» **DIRECTIONS**:
Leave no line out; reproduce the listing exactly.
*** Opening RECORDS SHOWN ***
Lemma term_tail_le k j :
  Cmod (Cminus (csum1 (M + j) (term k)) (term k M))
  <= B * (/ (INR M + 1)) ^ k * (/ INR M - / INR (M + j)).
Proof.
induction j as [|j IH].
- destruct M as [|M']; [lia|]; rewrite Nat.add_0_r; simpl.
  rewrite (csum1_eq0 M' (term k))
    by (intros m Hm; unfold term; rewrite h_below_M by lia; ring).
  replace (Cminus (Cplus 0 (term k (S M'))) (term k (S M'))) with (RtoC 0) by ring.
  rewrite Cmod_0, Rminus_diag, Rmult_0_r; lra.
- rewrite Nat.add_succ_r; simpl csum1.
  replace (Cminus (Cplus (csum1 (M + j) (term k)) (term k (S (M + j)))) (term k M))
    with (Cplus (Cminus (csum1 (M + j) (term k)) (term k M)) (term k (S (M + j)))) by ring.
  eapply Rle_trans; [apply Cmod_triangle|].
  rewrite Cmod_term, S_INR by lia.
  set (Y := INR (M + j)).
  assert (HY : 1 <= INR M <= Y) by (split; [apply (le_INR 1)|apply le_INR]; lia).
  pose proof (inv_pow_le_telescope _ _ k HY) as Htel.
  assert (0 <= (/ (Y + 1)) ^ S (S k)) by (apply pow_le, Rlt_le, Rinv_0_lt_compat; lra).
  assert (Cmod (h (S (M + j))) * (/ (Y + 1)) ^ S (S k) <= B * (/ (Y + 1)) ^ S (S k))
    by (apply Rmult_le_compat_r; [assumption|apply h_bounded; lia]).
  pose proof dirichlet_bound_nonneg.
  assert (B * (/ (Y + 1)) ^ S (S k) <= B * ((/ (INR M + 1)) ^ k * (/ Y - / (Y + 1))))
    by (apply Rmult_le_compat_l; assumption).
  change (INR (M + j)) with Y in IH; lra.
Qed.
(* Let $X=[0,\infty)\subset\mathbb{R}$ and $\mathcal{A}=\{\alpha_1,\dots,\alpha_m\}\subset\mathbb{R}$ with $\alpha_1<\cdots<\alpha_m$; identify $\mathbb{R}^{\mathcal{A}}$ with $\mathbb{R}^m$ with standard basis $\delta_1,\dots,\delta_m$. Then the set of normalized reduced $[0,\infty)$-circuits of $\mathcal{A}$ is \[\Lambda^\star_{[0,\infty)}(\mathcal{A})=\{\delta_2-\delta_1\}\cup\Big\{\frac{\alpha_{i+1}-\alpha_i}{\alpha_{i+1}-\alpha_{i-1}}\delta_{i-1}+\frac{\alpha_i-\alpha_{i-1}}{\alpha_{i+1}-\alpha_{i-1}}\delta_{i+1}-\delta_i\ :\ 1<i<m\Big\}\] (for $m\ge2$).
   Context: For a nonempty closed convex $X\subset\mathbb{R}^n$ and nonempty finite $\mathcal{A}\subset\mathbb{R}^n$: $\mathcal{A}\nu=\sum_\alpha\alpha\nu_\alpha$ for $\nu\in\mathbb{R}^{\mathcal{A}}$; $\sigma_X(y)=\sup\{y^Tx:x\in X\}\in\mathbb{R}\cup\{+\infty\}$; for $\beta\in\mathcal{A}$, $N_\beta=\{\nu\in\mathbb{R}^{\mathcal{A}}:\nu_\alpha\ge0\ \forall\alpha\neq\beta,\ \sum_\alpha\nu_\alpha=0\}$. A vector $\nu^\star\in N_\beta$ is an $X$-circuit of $\mathcal{A}$ if (1) $\nu^\star\neq0$, (2) $\sigma_X(-\mathcal{A}\nu^\star)<\infty$, and (3) $\nu^\star$ cannot be written as a convex combination of two non-proportional vectors $\nu^{(1)},\nu^{(2)}\in N_\beta$ such that the map $\nu\mapsto\sigma_X(-\mathcal{A}\nu)$ is affine on the segment $[\nu^{(1)},\nu^{(2)}]$. $\Lambda_X(\mathcal{A})$ is the set of all $X$-circuits normalized so that the unique negative entry equals $-1$. The functional form of $\lambda\in\Lambda_X(\mathcal{A})$ is $\phi_\lambda=(\lambda,\sigma_X(-\mathcal{A}\lambda))\in\mathbb{R}^{\mathcal{A}}\times\mathbb{R}$; the circuit graph is $G_X(\mathcal{A})=\operatorname{cone}(\{\phi_\lambda:\lambda\in\Lambda_X(\mathcal{A})\}\cup\{(0,1)\})$; and the normalized reduced $X$-circuits $\Lambda_X^\star(\mathcal{A})$ are those $\lambda\in\Lambda_X(\mathcal{A})$ for which $\{t\phi_\lambda:t\ge0\}$ is an extreme ray of $G_X(\mathcal{A})$. *)

From HB Require Import structures.
From mathcomp Require Import all_boot all_order all_algebra.
From mathcomp Require Import all_classical all_reals ereal.
Set Implicit Arguments. Unset Strict Implicit. Unset Printing Implicit Defensive.
Import Order.TTheory GRing.Theory Num.Theory.
Local Open Scope ring_scope.
Local Open Scope classical_set_scope.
*** Closing RECORDS SHOWN ***
» **RESULT OF THE TASK**:
Lemma term_tail_le k j :
  Cmod (Cminus (csum1 (M + j) (term k)) (term k M))
  <= B * (/ (INR M + 1)) ^ k * (/ INR M - / INR (M + j)).
Proof.
induction j as [|j IH].
- destruct M as [|M']; [lia|]; rewrite Nat.add_0_r; simpl.
  rewrite (csum1_eq0 M' (term k))
    by (intros m Hm; unfold term; rewrite h_below_M by lia; ring).
  replace (Cminus (Cplus 0 (term k (S M'))) (term k (S M'))) with (RtoC 0) by ring.
  rewrite Cmod_0, Rminus_diag, Rmult_0_r; lra.
- rewrite Nat.add_succ_r; simpl csum1.
  replace (Cminus (Cplus (csum1 (M + j) (term k)) (term k (S (M + j)))) (term k M))
    with (Cplus (Cminus (csum1 (M + j) (term k)) (term k M)) (term k (S (M + j)))) by ring.
  eapply Rle_trans; [apply Cmod_triangle|].
  rewrite Cmod_term, S_INR by lia.
  set (Y := INR (M + j)).
  assert (HY : 1 <= INR M <= Y) by (split; [apply (le_INR 1)|apply le_INR]; lia).
  pose proof (inv_pow_le_telescope _ _ k HY) as Htel.
  assert (0 <= (/ (Y + 1)) ^ S (S k)) by (apply pow_le, Rlt_le, Rinv_0_lt_compat; lra).
  assert (Cmod (h (S (M + j))) * (/ (Y + 1)) ^ S (S k) <= B * (/ (Y + 1)) ^ S (S k))
    by (apply Rmult_le_compat_r; [assumption|apply h_bounded; lia]).
  pose proof dirichlet_bound_nonneg.
  assert (B * (/ (Y + 1)) ^ S (S k) <= B * ((/ (INR M + 1)) ^ k * (/ Y - / (Y + 1))))
    by (apply Rmult_le_compat_l; assumption).
  change (INR (M + j)) with Y in IH; lra.
Qed.
(* Let $X=[0,\infty)\subset\mathbb{R}$ and $\mathcal{A}=\{\alpha_1,\dots,\alpha_m\}\subset\mathbb{R}$ with $\alpha_1<\cdots<\alpha_m$; identify $\mathbb{R}^{\mathcal{A}}$ with $\mathbb{R}^m$ with standard basis $\delta_1,\dots,\delta_m$. Then the set of normalized reduced $[0,\infty)$-circuits of $\mathcal{A}$ is \[\Lambda^\star_{[0,\infty)}(\mathcal{A})=\{\delta_2-\delta_1\}\cup\Big\{\frac{\alpha_{i+1}-\alpha_i}{\alpha_{i+1}-\alpha_{i-1}}\delta_{i-1}+\frac{\alpha_i-\alpha_{i-1}}{\alpha_{i+1}-\alpha_{i-1}}\delta_{i+1}-\delta_i\ :\ 1<i<m\Big\}\] (for $m\ge2$).
   Context: For a nonempty closed convex $X\subset\mathbb{R}^n$ and nonempty finite $\mathcal{A}\subset\mathbb{R}^n$: $\mathcal{A}\nu=\sum_\alpha\alpha\nu_\alpha$ for $\nu\in\mathbb{R}^{\mathcal{A}}$; $\sigma_X(y)=\sup\{y^Tx:x\in X\}\in\mathbb{R}\cup\{+\infty\}$; for $\beta\in\mathcal{A}$, $N_\beta=\{\nu\in\mathbb{R}^{\mathcal{A}}:\nu_\alpha\ge0\ \forall\alpha\neq\beta,\ \sum_\alpha\nu_\alpha=0\}$. A vector $\nu^\star\in N_\beta$ is an $X$-circuit of $\mathcal{A}$ if (1) $\nu^\star\neq0$, (2) $\sigma_X(-\mathcal{A}\nu^\star)<\infty$, and (3) $\nu^\star$ cannot be written as a convex combination of two non-proportional vectors $\nu^{(1)},\nu^{(2)}\in N_\beta$ such that the map $\nu\mapsto\sigma_X(-\mathcal{A}\nu)$ is affine on the segment $[\nu^{(1)},\nu^{(2)}]$. $\Lambda_X(\mathcal{A})$ is the set of all $X$-circuits normalized so that the unique negative entry equals $-1$. The functional form of $\lambda\in\Lambda_X(\mathcal{A})$ is $\phi_\lambda=(\lambda,\sigma_X(-\mathcal{A}\lambda))\in\mathbb{R}^{\mathcal{A}}\times\mathbb{R}$; the circuit graph is $G_X(\mathcal{A})=\operatorname{cone}(\{\phi_\lambda:\lambda\in\Lambda_X(\mathcal{A})\}\cup\{(0,1)\})$; and the normalized reduced $X$-circuits $\Lambda_X^\star(\mathcal{A})$ are those $\lambda\in\Lambda_X(\mathcal{A})$ for which $\{t\phi_\lambda:t\ge0\}$ is an extreme ray of $G_X(\mathcal{A})$. *)

From HB Require Import structures.
From mathcomp Require Import all_boot all_order all_algebra.
From mathcomp Require Import all_classical all_reals ereal.
Set Implicit Arguments. Unset Strict Implicit. Unset Printing Implicit Defensive.
Import Order.TTheory GRing.Theory Num.Theory.
Local Open Scope ring_scope.
Local Open Scope classical_set_scope.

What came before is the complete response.